On Sunday, the Festival will feature the closing night film by Andrea Kreuzhage, 1000 Journals , and will also be followed by a discussion with the filmmaker. The film follows 1000 blank journals that are passed from hand to hand throughout the world, collecting stories, pictures, collages, and slices of the lives they touch.

Since this is the sixth year I have sat on the selection committee I also wanted to highlight a few of the short films. Leaving Gussie (screens October 5 at 5pm) by Wendy Bednarz involves a housewife with a secret who checks into an isolated hotel and befriends an odd teenager. The Red Scare (screens October 4 at 5pm), Jaden Maher's film inspired by Hitchcock and the films of the Cold War era, and that examines eroticized violence against women in the horror genre. And from Australia, Denie Pentecost's Sexy Thing offers a tale of a 12-year-old girl dealing with difficult family circumstances.
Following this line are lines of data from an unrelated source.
Lemma sqrtC_prod_shift_le (x y dl : C) : 0 <= x -> 0 <= y -> 0 <= dl -> dl <= 1 ->
  sqrtC (x + dl ^+ 2) * sqrtC (y + dl ^+ 2)
    <= sqrtC x * sqrtC y + dl * (sqrtC x + sqrtC y + 1).
Proof.
move=> x0 y0 dl0 dl1; have dl20 : 0 <= dl ^+ 2 by rewrite exprn_ge0.
have sqrt_shift z : 0 <= z -> sqrtC (z + dl ^+ 2) <= sqrtC z + dl.
  by move=> z0; rewrite -{2}(sqrCK dl0) sqrtC_addr_le.
apply: (le_trans (ler_pM _ _ (sqrt_shift x x0) (sqrt_shift y y0)));
  rewrite ?sqrtC_ge0 ?addr_ge0 //.
have -> : (sqrtC x + dl) * (sqrtC y + dl)
    = sqrtC x * sqrtC y + dl * (sqrtC x + sqrtC y) + dl ^+ 2 by ring.
by rewrite [in X in _ <= X]mulrDr addrA lerD2l mulr1 expr2 ler_piMr.
Qed.

(* The slack by which S_{a,c}(j,l) can grow, per unit of delta. *)
Definition Sac_slack (q : 'M[C]_4) a c j l : C :=
  \sum_(b : bool) \sum_(i < 2) (sqrtC (q (ix b i) (ix a j)) + sqrtC (q (ix b i) (ix c l)) + 1).

Lemma Sac_slack_ge0 (q : 'M[C]_4) a c j l : (forall i j, 0 <= q i j) ->
  0 <= Sac_slack q a c j l.
Proof. by move=> q0; do 2!(apply: sumr_ge0 => ? _); rewrite !addr_ge0 ?sqrtC_ge0. Qed.

Lemma Sac_shift_le (q : 'M[C]_4) dl a c j l : (forall i j, 0 <= q i j) ->
  0 <= dl -> dl <= 1 ->
  Sac (q + const_mx (dl ^+ 2)) a c j l <= Sac q a c j l + dl * Sac_slack q a c j l.
Proof.
move=> q0 dl0 dl1; set f := fun (r : 'M[C]_4) b =>
  \sum_(i < 2) sqrtC (r (ix b i) (ix a j)) * sqrtC (r (ix b i) (ix c l)).
have qe0 i j0 : 0 <= (q + const_mx (dl ^+ 2)) i j0 by rewrite !mxE addr_ge0 ?exprn_ge0.
have f_real (r : 'M[C]_4) (b : bool) : (forall i j, 0 <= r i j) -> f r b \is Num.real.
  by move=> r0; rewrite ger0_real ?Sac_term_ge0.
have f_shift b : f (q + const_mx (dl ^+ 2)) b <= f q b + dl * Sac_slack q a c j l.
  apply: (le_trans (y := f q b + dl * \sum_(i < 2)
    (sqrtC (q (ix b i) (ix a j)) + sqrtC (q (ix b i) (ix c l)) + 1))).
    rewrite /f mulr_sumr -big_split; apply: ler_sum => i _; rewrite !mxE.
    exact: sqrtC_prod_shift_le.
  rewrite lerD2l ler_wpM2l // /Sac_slack big_bool /=.
  by case: b; rewrite ?lerDl ?lerDr; do ?(apply: sumr_ge0 => ? _); rewrite !addr_ge0 ?sqrtC_ge0.
have slack_real : dl * Sac_slack q a c j l \is Num.real.
  by rewrite ger0_real ?mulr_ge0 ?Sac_slack_ge0.
rewrite /Sac /= -/(f _ false) -/(f _ true) real_addr_minl ?f_real //.
by rewrite comparable_le_min2 ?real_comparable ?realD ?f_real ?f_shift.
Qed.

Lemma Sac_sum_shift_le (q : 'M[C]_4) dl a c : (forall i j, 0 <= q i j) ->
  0 <= dl -> dl <= 1 ->
  Sac_sum (q + const_mx (dl ^+ 2)) a c
    <= Sac_sum q a c + dl * \sum_(j < 2) \sum_(l < 2) Sac_slack q a c j l.
Proof.
move=> q0 dl0 dl1; rewrite /Sac_sum mulr_sumr -big_split; apply: ler_sum => j _.
by rewrite mulr_sumr -big_split; apply: ler_sum => l _; apply: Sac_shift_le.
Qed.

End SacShift.

Lemma diag_block_sum_shift_le (C : numClosedFieldType) (q : 'M[C]_4) e d : 0 <= e ->
  diag_block_sum q d <= diag_block_sum (q + const_mx e) d.
Proof. by move=> e0; do 2!(apply: ler_sum => ? _); rewrite !mxE lerDl. Qed.

Theorem theorem6p10 (C : numClosedFieldType) (q : 'M[C]_4) :
  maxpos q ->
  forall d a c : bool,
    \sum_(i < 2) \sum_(j < 2) q (ix d i) (ix d j)
      <= \sum_(j < 2) \sum_(k < 2) Sac q a c j k.
Proof.
move=> hq d a c; rewrite -/(diag_block_sum q d) -/(Sac_sum q a c).
have q0 := maxpos_ge0 hq.
have lhs0 : 0 <= diag_block_sum q d by do 2!(apply: sumr_ge0 => ? _).
have K0 : 0 <= \sum_(j < 2) \sum_(l < 2) Sac_slack q a c j l.
  by do 2!(apply: sumr_ge0 => ? _); apply: Sac_slack_ge0.
apply: (le_of_le_sub_eps (ger0_real lhs0) (ger0_real (Sac_sum_ge0 a c q0)) K0).
move=> dl dl0 dl1; rewrite lerBlDr.
have dl20 : 0 < dl ^+ 2 by rewrite exprn_gt0.
apply: (le_trans (diag_block_sum_shift_le q d (ltW dl20))).
apply: (le_trans (maxpos_shift_bound hq dl20 d a c)).
exact: Sac_sum_shift_le (ltW dl0) dl1.
Qed.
The Sixth Annual San Diego Women's Film Festival has many more films to offer and covering a broad range of styles and subjects. It will be held
October 3 - 5 at a new location, Reading Cinemas' Gaslamp Stadium 15, located on 5th and G in downtown San Diego. Tickets will be available for purchase in advance online at www.sdwff.org or can be purchased throughout the Festival weekend in the lobby at Reading Cinemas Gaslamp Stadium. So check out the strides women are making around the globe in film. Of course, there's still a long way to go because it's still something of a novelity or rarity to have women behind the camera and working in every genre. But this festival proves that progress is definitely being made.